(* Let $X$ be a set and $\tau$ a Hausdorff topology on $I(X)$ making it a topological inverse semigroup. Then the map $2^X\to(I(X),\tau)$, $A\mapsto 1_A$, is continuous if and only if the set of idempotents $\{1_A: A\subseteq X\}$ of $I(X)$ is $\tau$-compact.
   Context: $I(X)$ is the set of all bijections $f:A\to B$ with $A,B\subseteq X$ (including the empty map), with composition $\mathrm{dom}(f\circ g)=g^{-1}(\mathrm{dom}(f)\cap\mathrm{im}(g))$, $(f\circ g)(x)=f(g(x))$ and inverse $f^{-1}$. $1_A$ denotes the identity map on $A\subseteq X$; these are exactly the idempotents of $I(X)$. $2^X$ is the power set of $X$ with the product topology (identified with $\{0,1\}^X$). A topological inverse semigroup is one where multiplication and inversion are continuous. *)

From HB Require Import structures.
From mathcomp Require Import all_boot all_order.
From mathcomp Require Import all_classical.
From mathcomp Require Import topology.
Set Implicit Arguments. Unset Strict Implicit. Unset Printing Implicit Defensive.
Local Open Scope classical_set_scope.

(* A partial bijection f : A -> B with A, B ⊆ X is encoded as a partial
   function X -> option X (None = undefined) which is injective on its
   domain; its domain is {x | f x <> None} and its image {y | exists x, f x = Some y}. *)
Record pbij (X : Type) := PBij {
  pfun :> X -> option X ;
  pfun_inj : forall x y z, pfun x = Some z -> pfun y = Some z -> x = y }.

Section IX.
Variable X : Type.

Definition pcomp_fun (f g : pbij X) : X -> option X :=
  fun x => match g x with Some y => f y | None => None end.

Lemma pcomp_inj (f g : pbij X) x y z :
  pcomp_fun f g x = Some z -> pcomp_fun f g y = Some z -> x = y.
Proof.
rewrite /pcomp_fun.
case Hx: (g x) => [x'|] //; case Hy: (g y) => [y'|] // fx fy.
have e : x' = y' by exact: (pfun_inj fx fy).
by subst y'; exact: (pfun_inj Hx Hy).
Qed.

Definition pcomp (f g : pbij X) : pbij X := PBij (@pcomp_inj f g).

Definition pinv_fun (f : pbij X) : X -> option X :=
  fun y => match pselect (exists x, f x = Some y) with
           | left ex => Some (projT1 (cid ex))
           | right _ => None end.

Lemma pinv_inj (f : pbij X) x y z :
  pinv_fun f x = Some z -> pinv_fun f y = Some z -> x = y.
Proof.
rewrite /pinv_fun.
case: pselect => [ex|] //; case: pselect => [ey|] //.
case: (cid ex) => a /= fa; case: (cid ey) => b /= fb [<-] [e].
by subst b; rewrite fa in fb; case: fb.
Qed.

Definition pinv (f : pbij X) : pbij X := PBij (@pinv_inj f).

(* the partial identity 1_A, for A ⊆ X encoded as A : X -> bool *)
Definition pid_fun (A : X -> bool) : X -> option X :=
  fun x => if A x then Some x else None.

Lemma pid_inj (A : X -> bool) x y z :
  pid_fun A x = Some z -> pid_fun A y = Some z -> x = y.
Proof. by rewrite /pid_fun; case: (A x) => // -[->]; case: (A y) => // -[->]. Qed.

Definition pid (A : X -> bool) : pbij X := PBij (@pid_inj A).

Definition idempotents : set (pbij X) := [set e | exists A, e = pid A].
End IX.

Section Topo.
Variable T : Type.

Definition is_topology (tau : set (set T)) : Prop :=
  [/\ tau setT,
      (forall (I : Type) (U : I -> set T), (forall i, tau (U i)) ->
          tau (\bigcup_i U i)) &
      (forall U V, tau U -> tau V -> tau (U `&` V))].

Definition hausdorff_top (tau : set (set T)) : Prop :=
  forall x y : T, x <> y ->
    exists U V, [/\ tau U, tau V, U x, V y & U `&` V = set0].

Definition compact_in (tau : set (set T)) (K : set T) : Prop :=
  forall (I : Type) (U : I -> set T), (forall i, tau (U i)) ->
    K `<=` \bigcup_i U i ->
    exists F : set I, finite_set F /\ K `<=` \bigcup_(i in F) U i.
End Topo.

Definition prod_top (S T : Type) (sig : set (set S)) (tau : set (set T))
  : set (set (S * T)) :=
  [set W | forall p, W p ->
     exists U V, [/\ sig U, tau V, U p.1, V p.2 &
                     (forall a b, U a -> V b -> W (a, b))]].

Definition cont_top (S T : Type) (sig : set (set S)) (tau : set (set T))
  (f : S -> T) : Prop :=
  forall W, tau W -> sig (f @^-1` W).

Definition top_inverse_semigroup (X : Type) (tau : set (set (pbij X))) : Prop :=
  is_topology tau /\
  cont_top (prod_top tau tau) tau (fun p => pcomp p.1 p.2) /\
  cont_top tau tau (@pinv X).

From Pilot Require Import Defs.
From HB Require Import structures.
From mathcomp Require Import all_boot all_order.
From mathcomp Require Import all_classical.
From mathcomp Require Import topology.
From mathcomp Require Import finmap.
Set Implicit Arguments. Unset Strict Implicit. Unset Printing Implicit Defensive.
Local Open Scope classical_set_scope.

(* (=>) 2^X is compact (Tychonoff), and E is the image of 2^X under the map
        A |-> 1_A; a continuous image of a compact set is compact.
   (<=) Let 1_A lie in an open set W.  For x ∈ X let p_x = 1_{x}.  Right
        multiplication by p_x is continuous and tau is Hausdorff, so
        V_x = {f | f p_x <> 1_A p_x} is open; since 1_D p_x is p_x or the
        empty map according as x ∈ D, we have 1_D ∈ V_x iff D x <> A x.
        W together with all V_x covers E; a finite subcover uses finitely
        many points x_1, ..., x_n, and every B agreeing with A at these
        points satisfies 1_B ∈ W.  These B form a neighbourhood of A in 2^X. *)

Lemma compact_in_image (T : ptopologicalType) (Y : Type) (tau : set (set Y))
    (f : T -> Y) (K : set T) :
  (forall W, tau W -> open (f @^-1` W)) -> compact K -> compact_in tau (f @` K).
Proof.
move=> fcont; rewrite (@compact_cover T) => Kco I U Uopen KU.
have [|D _ DU] := Kco {classic I} setT (fun i => f @^-1` U i)
    (fun i _ => fcont _ (Uopen i)).
  by move=> t Kt; have [i _ Ui] := KU (f t) (ex_intro2 _ _ t Kt erefl); exists i.
exists [set` D]; split; first exact: (finite_fset D).
by move=> _ [t Kt <-]; have [i Di Ui] := DU t Kt; exists i.
Qed.

(* 2^X is pointed by the empty set, so that the covering characterisation of
   compactness applies to it. *)
HB.instance Definition _ (X : Type) :=
  isPointed.Build {ptws X -> bool} (fun _ => false).

Lemma compact_ptws_bool (X : Type) : compact [set: {ptws X -> bool}].
Proof.
have := @tychonoff {classic X} (fun _ => bool) (fun _ => setT)
  (fun _ => @finite_compact bool setT (@finite_finset bool setT)).
by have -> : [set f : {classic X} -> bool | forall i, setT (f i)] = setT
  by apply/seteqP; split.
Qed.

Lemma filter_finite_forall (T I : Type) (F : set_system T) (D : set I)
    (P : I -> set T) :
  Filter F -> finite_set D -> (forall i, D i -> F (P i)) ->
  \forall t \near F, forall i, D i -> P i t.
Proof.
move=> FF /(@finite_fsetP {classic I}) [D' ->] DP.
have := @filter_bigI T {classic I} D' P F FF DP.
by apply: filterS => t DPt i Di; exact: DPt.
Qed.

Lemma near_ptws_coord (X : Type) (A : {ptws X -> bool}) (x : X) :
  \forall B \near A, B x = A x.
Proof.
apply: (@proj_continuous {classic X} (fun _ => bool) x A [set A x]).
by rewrite nbhs_principalE; apply/principal_filterP.
Qed.

Section HausdorffTopologicalSemigroup.
Variables (T : Type) (tau : set (set T)) (mul : T -> T -> T).
Hypothesis tau_top : is_topology tau.
Hypothesis mul_cont : cont_top (prod_top tau tau) tau (fun p => mul p.1 p.2).
Hypothesis tau_hausdorff : hausdorff_top tau.

Lemma open_of_locally_open (S : set T) :
  (forall f, S f -> exists U, [/\ tau U, U f & U `<=` S]) -> tau S.
Proof.
move=> Sloc; pose U (p : {f | S f}) := projT1 (cid (Sloc _ (projT2 p))).
have -> : S = \bigcup_p U p.
  apply/seteqP; split => [f Sf|f [p _]]; last first.
    by rewrite /U; case: cid => V /= [_ _]; exact.
  by exists (exist _ f Sf) => //; rewrite /U; case: cid => V /= [].
case: tau_top => _ tau_bigcup _; apply: tau_bigcup => p.
by rewrite /U; case: cid => V /= [].
Qed.

Lemma right_translate_open (U : set T) (c : T) :
  tau U -> tau [set f | U (mul f c)].
Proof.
move=> Uopen; apply: open_of_locally_open => f Ufc.
have [U1 [V1 [U1open _ U1f V1c U1V1]]] := @mul_cont U Uopen (f, c) Ufc.
by exists U1; split => // g U1g; exact: U1V1.
Qed.

(* In a Hausdorff space points are closed, hence {f | f c <> d} is open. *)
Lemma right_translate_neq_open (c d : T) : tau [set f | mul f c <> d].
Proof.
apply: open_of_locally_open => f fcd.
have [U [V [Uopen _ Ufc Vd UV]]] := tau_hausdorff fcd.
exists [set g | U (mul g c)]; split => //; first exact: right_translate_open.
move=> g Ugc gcd; rewrite /= gcd in Ugc.
by have : (U `&` V) d by []; rewrite UV.
Qed.

End HausdorffTopologicalSemigroup.

(* Composition in I(X) is written Defs.pcomp, since ssrfun also has a pcomp. *)
Section PointIdempotents.
Variable X : Type.

Lemma pbij_ext (f g : pbij X) : (forall x, f x = g x) -> f = g.
Proof.
case: f g => f finj [g ginj] /= fg.
have {}fg : f = g by apply: funext.
by subst g; congr PBij; exact: Prop_irrelevance.
Qed.

Definition ppoint (x : X) : pbij X := pid (fun y => `[< y = x >]).
Definition pempty : pbij X := pid (fun _ : X => false).

Lemma ppoint_neq_pempty (x : X) : ppoint x <> pempty.
Proof.
by move/(congr1 (fun f : pbij X => pfun f x)); rewrite /= /pid_fun asboolT.
Qed.

Lemma pid_comp_ppoint (D : X -> bool) (x : X) :
  Defs.pcomp (pid D) (ppoint x) = if D x then ppoint x else pempty.
Proof.
apply: pbij_ext => y; rewrite /= /pcomp_fun /= /pid_fun.
have [->|yx] := pselect (y = x).
  by rewrite asboolT //; case: (D x); rewrite //= /pid_fun asboolT.
by rewrite asboolF //; case: (D x); rewrite //= /pid_fun asboolF.
Qed.

Lemma pid_comp_ppoint_eq (D A : X -> bool) (x : X) :
  Defs.pcomp (pid D) (ppoint x) = Defs.pcomp (pid A) (ppoint x) <-> D x = A x.
Proof.
rewrite !pid_comp_ppoint; split => [|->] //.
have neq := @ppoint_neq_pempty x.
by case: (D x); case: (A x) => // /esym.
Qed.

End PointIdempotents.

Lemma compact_idempotents_of_continuous (X : Type) (tau : set (set (pbij X))) :
  (forall W, tau W -> open ((fun A : {ptws X -> bool} => pid A) @^-1` W)) ->
  compact_in tau (@idempotents X).
Proof.
move=> pid_cont.
have -> : @idempotents X = (fun A : {ptws X -> bool} => pid A) @` setT.
  by apply/seteqP; split => [_ [A ->]|_ [A _ <-]]; [exists A|exists A].
exact: compact_in_image pid_cont (@compact_ptws_bool X).
Qed.

Lemma continuous_of_compact_idempotents (X : Type) (tau : set (set (pbij X))) :
  is_topology tau ->
  cont_top (prod_top tau tau) tau (fun p => Defs.pcomp p.1 p.2) ->
  hausdorff_top tau -> compact_in tau (@idempotents X) ->
  forall W, tau W -> open ((fun A : {ptws X -> bool} => pid A) @^-1` W).
Proof.
move=> tau_top mul_cont tau_hausdorff Ecompact W Wopen; rewrite openE => A WA.
pose U (o : option X) :=
  if o is Some x
  then [set f | Defs.pcomp f (ppoint x) <> Defs.pcomp (pid A) (ppoint x)]
  else W.
have Uopen o : tau (U o).
  by case: o => [x|] //; exact: right_translate_neq_open.
have Ucover : @idempotents X `<=` \bigcup_o U o.
  move=> _ [D ->]; have [WD|nWD] := pselect (W (pid D)); first by exists None.
  have [x DAx] : exists x, D x <> A x.
    apply/existsNP => DA; apply: nWD.
    by have -> : D = A by apply: funext.
  by exists (Some x) => //; rewrite /U /=; move/pid_comp_ppoint_eq.
have [F [Ffinite FU]] := Ecompact _ U Uopen Ucover.
have agree_near : \forall B \near A,
    forall o, F o -> if o is Some x then B x = A x else True.
  apply: (@filter_finite_forall _ _ (nbhs A) F
    (fun o B => if o is Some x then B x = A x else True) _ Ffinite) => -[x|] _.
  - exact: near_ptws_coord.
  - exact: filterT.
apply: filterS agree_near => B agree.
have [[x|] Fx Ux] := FU (pid B) (ex_intro _ B erefl) => //.
by case: Ux; apply/pid_comp_ppoint_eq; exact: (agree _ Fx).
Qed.

Theorem theorem3p5 (X : Type) (tau : set (set (pbij X))) :
  top_inverse_semigroup tau -> hausdorff_top tau ->
  ((forall W, tau W -> open ((fun A : {ptws X -> bool} => pid A) @^-1` W))
   <-> compact_in tau (@idempotents X)).
Proof.
move=> [tau_top [mul_cont _]] tau_hausdorff; split.
- exact: compact_idempotents_of_continuous.
- exact: continuous_of_compact_idempotents.
Qed.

-- -- --

### [Task details]
Of all the entries above, repeat only the lines from the line that has "move=> pid_cont." to the line that has "move=> tau_top mul_cont", both lines included, exactly.

### [Result for this exercise]
move=> pid_cont.
have -> : @idempotents X = (fun A : {ptws X -> bool} => pid A) @` setT.
  by apply/seteqP; split => [_ [A ->]|_ [A _ <-]]; [exists A|exists A].
exact: compact_in_image pid_cont (@compact_ptws_bool X).
Qed.

Lemma continuous_of_compact_idempotents (X : Type) (tau : set (set (pbij X))) :
  is_topology tau ->
  cont_top (prod_top tau tau) tau (fun p => Defs.pcomp p.1 p.2) ->
  hausdorff_top tau -> compact_in tau (@idempotents X) ->
  forall W, tau W -> open ((fun A : {ptws X -> bool} => pid A) @^-1` W).
Proof.
move=> tau_top mul_cont tau_hausdorff Ecompact W Wopen; rewrite openE => A WA.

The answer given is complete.